Among those who say he received this subliminal message is Alex
Konanykhin, a former Russian banker who today runs a computer company
in Atlanta. His autobiography entitled Defiance, was just published.
“But I will continue to speak out,” he said.
Both British and Russian police departments are investigating the
poisoning of Litvinenko. But Yuri K. Chaika, the Russian Prosecutor
General, says that “all investigations will be conducted by
Russian detectives.”
So far, a lot has been determined. Radioactive substances were found
in a glass that Litvinenko drank from at the Millennium. Six waiters
in the restaurant tested positive for radioactive substances. More
radioactive material tested positive at Litvinenko’s home
at Muswell Hill in London, at Emirates Stadium nearby, where Kovtun
and Lugovoi and Sokolovski watched the Arsenal soccer match that
evening, and at the London offices of Russian billionaire Boris
Berezovsky. Silverware tested positive at the Itsu sushi bar, where
snacks were had after the lunch at the Mayflower. Also on a couch
in an apartment in Hamburg, Germany owned by the ex-wife of Dmitry
Kovtun, where he slept on October 25, before flying to London. Also,
on the passenger seat of a car that picked Kovtun up at the Hamburg
airport, on a document Kovtun brought to immigration in Hamburg,
and at the home of Kovtun’s ex-mother-in-law just outside
Hamburg. Several British Airways jets were also found to have traces
of radiation. But according to Aeroflot’s deputy chief spokesman
at Sheremetyevo Airport in Moscow, no Aeroflot jets tested positive.

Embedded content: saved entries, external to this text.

(* Let $\mathcal{H}$ be a real Hilbert space, $\bar{K}\subseteq\mathcal{H}$ a nonempty closed set, $F:\mathcal{H}\times\mathcal{H}\to\mathbb{R}$ a bifunction, and $k,r>0$, $\lambda>0$ constants; put $\epsilon=\frac{k}{2r}$. Assume $F$ is pseudomonotone on $\bar{K}\times\bar{K}$ in the sense that for all $u,v\in\bar{K}$, $$F(u,v)+\frac{k}{2r}\|v-u\|^2\ge 0 \implies F(v,u)+\frac{k}{2r}\|v-u\|^2\le 0.$$ Let $u^*\in\bar{K}$ be a solution of the uniformly regular equilibrium problem, i.e. $F(u^*,v)+\frac{k}{2r}\|v-u^*\|^2\ge 0$ for all $v\in\bar{K}$. Let $u_n\in\mathcal{H}$ and let $u_{n+1}\in\bar{K}$ be generated by the proximal method, i.e. $$\lambda F(u_{n+1},v)+\Big\langle \big(1+\tfrac{k}{2r}\big)(u_{n+1}-u_n)+\tfrac{k}{2r}(v-u_{n+1}),\,v-u_{n+1}\Big\rangle\ge 0\quad\forall v\in\bar{K}.$$ Then $$\|u_{n+1}-u^*\|^2\le (1+\epsilon)^2\|u_n-u^*\|^2-\|u_{n+1}-(1+\epsilon)u_n+\epsilon u^*\|^2.$$
   Context: $\bar{K}$ is intended to be a (possibly nonconvex) uniformly $r$-prox-regular set: for all $u\in\bar K$ and all nonzero proximal normals $w$ to $\bar K$ at $u$ with $\|w\|\le r$, $\langle w,v-u\rangle\le\frac{1}{2r}\|v-u\|^2$ for all $v\in\bar K$. *)

From HB Require Import structures.
From mathcomp Require Import all_boot all_order all_algebra.
From mathcomp Require Import all_classical all_reals all_analysis.
Set Implicit Arguments. Unset Strict Implicit. Unset Printing Implicit Defensive.
Import Order.TTheory GRing.Theory Num.Theory.
Import numFieldNormedType.Exports.
Local Open Scope classical_set_scope.
Local Open Scope ring_scope.

(* A real Hilbert space: a complete normed space over a realType R whose norm
   comes from an inner product [ip]. *)
Definition is_inner_product (R : realType) (H : completeNormedModType R)
    (ip : H -> H -> R) : Prop :=
  [/\ (forall x y, ip x y = ip y x),
      (forall a x y z, ip (a *: x + y) z = a * ip x z + ip y z)
    & (forall x, `|x| ^+ 2 = ip x x)].

Definition proximal_normal (R : realType) (H : completeNormedModType R)
    (K : set H) (u w : H) : Prop :=
  K u /\ exists alpha : R, 0 < alpha /\
    forall v, K v -> `|(u + alpha *: w) - u| <= `|(u + alpha *: w) - v|.

Definition uniformly_prox_regular (R : realType) (H : completeNormedModType R)
    (ip : H -> H -> R) (K : set H) (r : R) : Prop :=
  forall u w, K u -> proximal_normal K u w -> w != 0 -> `|w| <= r ->
    forall v, K v -> ip w (v - u) <= (2 * r)^-1 * `|v - u| ^+ 2.

From HB Require Import structures.
From mathcomp Require Import all_boot all_order all_algebra.
From mathcomp Require Import all_classical all_reals all_analysis.
From mathcomp Require Import ring lra.
Set Implicit Arguments. Unset Strict Implicit. Unset Printing Implicit Defensive.
Import Order.TTheory GRing.Theory Num.Theory.
Import numFieldNormedType.Exports.
Local Open Scope classical_set_scope.
Local Open Scope ring_scope.

(* With a := u_{n+1} - ustar and b := u_n - ustar, testing the proximal
   inequality at v = ustar and using F(u_{n+1}, ustar) <= 0 (pseudomonotonicity
   applied to the solution ustar) gives |a|^2 <= (1 + eps) <a, b>.  Expanding
   |a - (1 + eps) b|^2 turns this into the claimed estimate. *)

Section InnerProduct.
Variables (R : realType) (H : completeNormedModType R) (ip : H -> H -> R).
Hypothesis ip_inner : is_inner_product ip.

Lemma ip0l z : ip 0 z = 0.
Proof.
case: ip_inner => _ ipL _; have := ipL 1 0 0 z; rewrite scaler0 addr0 mul1r => ip0D.
by apply/eqP; rewrite -(subrr (ip 0 z)) {2}ip0D addrK.
Qed.

Lemma ipDl x y z : ip (x + y) z = ip x z + ip y z.
Proof. by case: ip_inner => _ ipL _; rewrite -[x]scale1r ipL mul1r scale1r. Qed.

Lemma ipZl a x z : ip (a *: x) z = a * ip x z.
Proof. by case: ip_inner => _ ipL _; rewrite -[a *: x]addr0 ipL ip0l addr0. Qed.

Lemma ipNl x z : ip (- x) z = - ip x z.
Proof. by rewrite -scaleN1r ipZl mulN1r. Qed.

Lemma ipDr x y z : ip z (x + y) = ip z x + ip z y.
Proof. by case: ip_inner => ipC _ _; rewrite ipC ipDl (ipC x) (ipC y). Qed.

Lemma ipZr a x z : ip z (a *: x) = a * ip z x.
Proof. by case: ip_inner => ipC _ _; rewrite ipC ipZl ipC. Qed.

Lemma ipNr x z : ip z (- x) = - ip z x.
Proof. by rewrite -scaleN1r ipZr mulN1r. Qed.

Lemma sqr_normB_scale a b c :
  `|a - c *: b| ^+ 2 = `|a| ^+ 2 - 2 * c * ip a b + c ^+ 2 * `|b| ^+ 2.
Proof.
case: ip_inner => ipC _ ipN.
rewrite !ipN !(ipDl, ipDr, ipNl, ipNr, ipZl, ipZr) (ipC b a).
ring.
Qed.

Lemma sqr_norm_le_sub_sqr_normB a b c :
  `|a| ^+ 2 <= c * ip a b -> `|a| ^+ 2 <= c ^+ 2 * `|b| ^+ 2 - `|a - c *: b| ^+ 2.
Proof. by rewrite sqr_normB_scale => ?; lra. Qed.

Lemma prox_step_ip_bound (u u' w : H) (e t : R) :
    t <= 0 ->
    0 <= t + ip ((1 + e) *: (u' - u) + e *: (w - u')) (w - u') ->
  `|u' - w| ^+ 2 <= (1 + e) * ip (u' - w) (u - w).
Proof.
case: ip_inner => ipC _ ipN t_le0.
have -> : u' - u = (u' - w) - (u - w) by rewrite opprB addrA subrK.
have -> : w - u' = - (u' - w) by rewrite opprB.
move: (u' - w) (u - w) => a b.
rewrite ipN !(ipDl, ipDr, ipNl, ipNr, ipZl, ipZr) (ipC b a) => ?.
lra.
Qed.

End InnerProduct.

Theorem mainTheorem1 (R : realType) (H : completeNormedModType R)
    (ip : H -> H -> R) (Hip : is_inner_product ip)
    (K : set H) (K_ne : K !=set0) (K_closed : closed K)
    (F : H -> H -> R) (k r lambda : R)
    (k_gt0 : 0 < k) (r_gt0 : 0 < r) (lambda_gt0 : 0 < lambda)
    (K_proxreg : uniformly_prox_regular ip K r)
    (F_pseudo : forall u v, K u -> K v ->
        0 <= F u v + k / (2 * r) * `|v - u| ^+ 2 ->
        F v u + k / (2 * r) * `|v - u| ^+ 2 <= 0)
    (ustar : H) (ustar_K : K ustar)
    (ustar_sol : forall v, K v -> 0 <= F ustar v + k / (2 * r) * `|v - ustar| ^+ 2)
    (un un1 : H) (un1_K : K un1)
    (prox : forall v, K v ->
        0 <= lambda * F un1 v
             + ip ((1 + k / (2 * r)) *: (un1 - un) + (k / (2 * r)) *: (v - un1))
                  (v - un1)) :
  let eps := k / (2 * r) in
  `|un1 - ustar| ^+ 2 <=
    (1 + eps) ^+ 2 * `|un - ustar| ^+ 2 - `|un1 - (1 + eps) *: un + eps *: ustar| ^+ 2.
Proof.
cbv zeta; set eps := k / (2 * r).
have eps_ge0 : 0 <= eps by rewrite divr_ge0 ?mulr_ge0 ?ltW.
have F_le0 : lambda * F un1 ustar <= 0.
  have := F_pseudo _ _ ustar_K un1_K (ustar_sol _ un1_K).
  rewrite -/eps => F_le; apply: mulr_ge0_le0; first exact: ltW.
  by apply: le_trans F_le; rewrite lerDl mulr_ge0 ?exprn_ge0.
have -> : un1 - (1 + eps) *: un + eps *: ustar
          = (un1 - ustar) - (1 + eps) *: (un - ustar).
  rewrite scalerBr opprB [(1 + eps) *: ustar]scalerDl scale1r.
  by rewrite -!addrA addKr (addrC (eps *: ustar)).
apply: (sqr_norm_le_sub_sqr_normB Hip).
have := prox _ ustar_K; rewrite -/eps => prox_ustar.
have ip_bound := prox_step_ip_bound Hip F_le0 prox_ustar.
exact: ip_bound.
Qed.
(* There exists a continuous non-negative function $f$ on $[0,1)$ with $f(0)=0$ such that the following holds for every $n$. Let $0\le \mathcal{K}<1$ and let $\gamma:[a,b]\to\mathbb{H}^n$ be a unit speed path whose geodesic curvature satisfies $\kappa_\gamma(t)\le\mathcal{K}$ for all $t\in[a,b]$. Then $\gamma$ is a $\frac{1}{\sqrt{1-\mathcal{K}^2}}$-quasi-geodesic, and if $g_\gamma$ is the geodesic segment joining $\gamma(a)$ and $\gamma(b)$, then the Hausdorff distance between the image of $\gamma$ and the image of $g_\gamma$ is at most $f(\mathcal{K})$.
   Context: For a unit speed path $\gamma$ in a Riemannian manifold, the geodesic curvature is $\kappa_\gamma(t)=\big\|\frac{D\dot\gamma}{dt}(t)\big\|$, where $\frac{D}{dt}$ is the covariant derivative along $\gamma$. A map $\gamma:I\to X$ from an interval to a metric space is a $k$-quasi-geodesic if $\frac1k|s-t|\le d(\gamma(s),\gamma(t))\le k|s-t|$ for all $s,t\in I$. *)

From Stdlib Require Import Reals Lra.
From Coquelicot Require Import Coquelicot.
Open Scope R_scope.

(* Points of R^{n+1} are functions nat -> R; only coordinates 0..n matter. *)
Definition point := nat -> R.

Fixpoint space_part (n : nat) (x y : point) : R :=
  match n with
  | O => 0
  | S m => space_part m x y + x (S m) * y (S m)
  end.

Definition mink (n : nat) (x y : point) : R := - x 0%nat * y 0%nat + space_part n x y.

Definition inH (n : nat) (x : point) : Prop := mink n x x = -1 /\ 0 < x 0%nat.

Definition acosh (z : R) : R := ln (z + sqrt (z * z - 1)).

Definition hdist (n : nat) (x y : point) : R := acosh (- mink n x y).

(* unit-speed parametrisation of the geodesic from x to y, s in [0, d(x,y)] *)
Definition geod_pt (n : nat) (x y : point) (s : R) : point :=
  fun i => cosh s * x i
           + sinh s * ((y i - cosh (hdist n x y) * x i) / sinh (hdist n x y)).

Definition geodesic_segment_image (n : nat) (x y : point) (p : point) : Prop :=
  exists s, 0 <= s <= hdist n x y /\ p = geod_pt n x y s.

Definition path_image (gamma : R -> point) (a b : R) (p : point) : Prop :=
  exists t, a <= t <= b /\ p = gamma t.

(* covariant derivative of gamma' along gamma (Levi-Civita connection of the
   hyperboloid = tangential projection of the ambient derivative gamma''):
   v + <v,gamma> gamma is the orthogonal projection of v onto T_gamma H^n *)
Definition cov_accel (n : nat) (gamma gamma2 : R -> point) (t : R) : point :=
  fun i => gamma2 t i + mink n (gamma2 t) (gamma t) * gamma t i.
Lemma bern_var_sum_le (R : realFieldType) n (x y : R) :
  (0 < n)%N -> 0 <= x <= 1 -> 0 <= y <= 1 ->
  x * (1 - x) / n%:R + y * (1 - y) / n.+1%:R <= n%:R^-1.
Proof.
move=> n_gt0 /andP[x0 x1] /andP[y0 y1].
have w_gt0 : 0 < n%:R^-1 :> R by rewrite invr_gt0 ltr0n.
have w'_le : n.+1%:R^-1 <= n%:R^-1 :> R by rewrite lef_pV2 ?posrE ?ltr0n // ler_nat.
have w'_ge0 : 0 <= n.+1%:R^-1 :> R by rewrite invr_ge0.
set w := n%:R^-1 in w_gt0 w'_le *; set w' := n.+1%:R^-1 in w'_le w'_ge0 *; clearbody w w'.
have /(ler_wpM2r (ltW w_gt0)) : x * (1 - x) <= 1 / 4 by have := sqr_ge0 (x - 1 / 2); nra.
have /(ler_wpM2r w'_ge0) : y * (1 - y) <= 1 / 4 by have := sqr_ge0 (y - 1 / 2); nra.
by nra.
Qed.

Section bernstein_kernel.
Variable R : realType.
Implicit Types (A : R -> R -> R) (x y : R).

Definition grid_diff_quot A n k j : R :=
  n.+1%:R * (A (k.+1%:R / n.+1%:R) (j%:R / n.+1%:R) - A (k%:R / n.+1%:R) (j%:R / n.+1%:R)).

Lemma grid_in01 n j : (j <= n.+1)%N -> 0 <= (j%:R / n.+1%:R : R) <= 1.
Proof.
by move=> jn; rewrite divr_ge0 //= ler_pdivrMr ?ltr0n // mul1r ler_nat.
Qed.

Lemma KBernsteinE A n x y :
  (forall t, 0 <= t <= 1 -> A 0 t = 0) -> (forall t, 0 <= t <= 1 -> A t 0 = 0) ->
  KBernstein A n.+1 x y = \sum_(0 <= k < n.+1) \sum_(0 <= j < n.+2)
    grid_diff_quot A n k j * bern n k x * bern n.+1 j y.
Proof.
move=> A0t At0.
rewrite /KBernstein /= exchange_big [RHS]exchange_big /= [RHS]big_ltn //=.
have vanish : \sum_(0 <= k < n.+1) grid_diff_quot A n k 0 * bern n k x * bern n.+1 0 y = 0.
  rewrite big_nat_cond big1 // => k /andP[/andP[_ kn] _].
  by rewrite /grid_diff_quot !mul0r !At0 ?grid_in01 ?(ltnW kn) // subrr !mulr0 !mul0r.
rewrite vanish add0r.
rewrite mulr_sumr; apply: eq_big_nat => j /andP[_ jn].
rewrite -big_distrl /= (@sum_by_parts _ n.+1 (fun i => A (i%:R / n.+1%:R) (j%:R / n.+1%:R))).
- by rewrite big_distrl mulr_sumr; apply: eq_bigr => k _; rewrite /grid_diff_quot /=; ring.
- by rewrite mulr0n mul0r A0t ?grid_in01 // ltnW.
- exact: bern_small.
Qed.

End bernstein_kernel.

Lemma mem_I01 (R : realType) (x : R) : 0 <= x <= 1 -> x \in (I01 : set R).
Proof. by move=> x01; rewrite inE /I01 /= in_itv. Qed.

Lemma square01P (R : realType) (t v : R) : 0 <= t <= 1 -> 0 <= v <= 1 -> square01 (t, v).
Proof. by move=> t01 v01; split; rewrite /I01 /= in_itv. Qed.

Lemma compact_square01 (R : realType) : compact (square01 : set (R * R)).
Proof. by apply: compact_setX; exact: segment_compact. Qed.

Section kernel_cdf.
Variables (R : realType) (K : R.-pker R ~> R).

Lemma kernel_cdfE t v : K t `[0, v]%classic = (kernel_cdf K t v)%:E.
Proof.
have K_le1 : (K t `[0%R, v]%classic <= 1)%E.
  by rewrite -(@prob_kernel _ _ _ _ _ K t); apply: le_measure; rewrite ?inE //; exact: measurable_itv.
by rewrite /kernel_cdf fineK // ge0_fin_numE ?measure_ge0 // (le_lt_trans K_le1) ?ltey.
Qed.

Lemma kernel_cdf_in01 t v : 0 <= kernel_cdf K t v <= 1.
Proof.
rewrite -!lee_fin -kernel_cdfE measure_ge0 /= -(@prob_kernel _ _ _ _ _ K t).
by apply: le_measure; rewrite ?inE //; exact: measurable_itv.
Qed.

End kernel_cdf.

Section copula.
Variables (R : realType) (A : R -> R -> R) (mu : {measure set (R * R) -> \bar R}).
Hypothesis copA : is_copula A mu.
(* Let $C\in\mathbb{R}^{m\times k}$ with $\operatorname{rank}(C)=k$, and let $C_\ell\in\mathbb{R}^{m\times\ell}$ be a column submatrix of $C$, $1\le\ell<k$. Then $\operatorname{rvol}(C)\le\operatorname{rvol}(C_\ell)\le\operatorname{rvol}(C_1)=1$, where $C_1$ denotes any single column of $C$.
   Context: A column submatrix consists of a subset of the columns of $C$. For a matrix $X$ with $r$ columns and singular values $\sigma_1(X)\ge\cdots\ge\sigma_r(X)$, the relative volume is $\operatorname{rvol}(X)=\prod_{j=1}^r\sigma_j(X)/\sigma_1(X)$. *)

From HB Require Import structures.
From mathcomp Require Import all_boot all_order all_algebra.
From mathcomp Require Import reals.
Set Implicit Arguments. Unset Strict Implicit. Unset Printing Implicit Defensive.
Import Order.TTheory GRing.Theory Num.Theory.
Local Open Scope ring_scope.

Definition is_singular_values (R : realType) (m r : nat)
    (X : 'M[R]_(m, r)) (s : 'I_r -> R) : Prop :=
  (forall i, 0 <= s i) /\
  (forall i j : 'I_r, (i <= j)%N -> s j <= s i) /\
  char_poly (X^T *m X) = \prod_(i < r) ('X - (s i ^+ 2)%:P).

Definition sigma1 (R : realType) (r : nat) (s : 'I_r -> R) : R :=
  \big[Num.max/0]_(i < r) s i.

Definition rvol (R : realType) (r : nat) (s : 'I_r -> R) : R :=
  \prod_(i < r) (s i / sigma1 s).

(* Let G = C^T C, whose eigenvalues are the squared singular values, so that
   rvol C = sqrt (det G) / sigma_1(C)^k.  Permuting the columns, write C = [C_l B].
   Replacing B by its component B' orthogonal to the columns of C_l does not change
   det G and makes G block diagonal, so det G = det (C_l^T C_l) det (B'^T B'); since
   B'^T B' <= B^T B <= sigma_1(C)^2 I, det G <= det (C_l^T C_l) sigma_1(C)^(2(k-l)).
   The Rayleigh quotient also gives sigma_1(C_l) <= sigma_1(C), and the two bounds
   together give rvol C <= rvol C_l.  The spectral theorem is available only over
   an algebraically closed field, so these facts are proved for complex matrices
   and transferred to real ones.  Finally rvol C_l <= 1 termwise, and rvol C_1 = 1
   because full column rank makes every column nonzero. *)

From HB Require Import structures.
From mathcomp Require Import all_boot all_order all_algebra.
From mathcomp Require Import reals complex.
Import Order.TTheory GRing.Theory Num.Theory.
Local Open Scope ring_scope.
Set Implicit Arguments. Unset Strict Implicit. Unset Printing Implicit Defensive.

However, traces of polonium-210 were found in Moscow at the British
Embassy.
Marina Litvinenko, the widow of Alexander Litvinenko said, according
to Vladimir Isachenkov of the AP, “In Russia it doesn’t
matter how many people are killed.”
The Russian Police are interested in interviewing billionaire Boris
Berezovsky, who was a friend of Litvinenko. They also want to interview
Akhmed Zakayev, a Chechen separatist who was Litvinenko’s
closest friend and who, along with Berezovsky, attended his funeral.
Litvinenko was buried in a lead-lined coffin designed to prevent
radiation from going in or out in a London cemetery. Vladimir Bukovsky,
another friend of Litvinenko (but not Berezovsky) said, “On
his deathbed, he converted to Islam and asked to be buried when
the war is over in Chechen soil. He was a fierce defender of Chechnya.”
Ghayasuddin Siddiqui, the head of Britain’s Muslim parliament,
said a special passage from the Koran was read by the imam for Litvinenko
at London’s Regent’s Park Mosque on the day of the funeral.
Russian prosecutor General Yuri Chaika is conducting the investigation
for the Russian police.
Sian MacLeod, the Deputy Foreign Minister of Britain, is overseeing
the investigation for Scotland Yard.
In recent days, Alex Goldfarb, a spokesperson for the family, said
that Russian authorities are trying obstruct the British investigation.
He also said that Lugovoi must be considered the #1 suspect.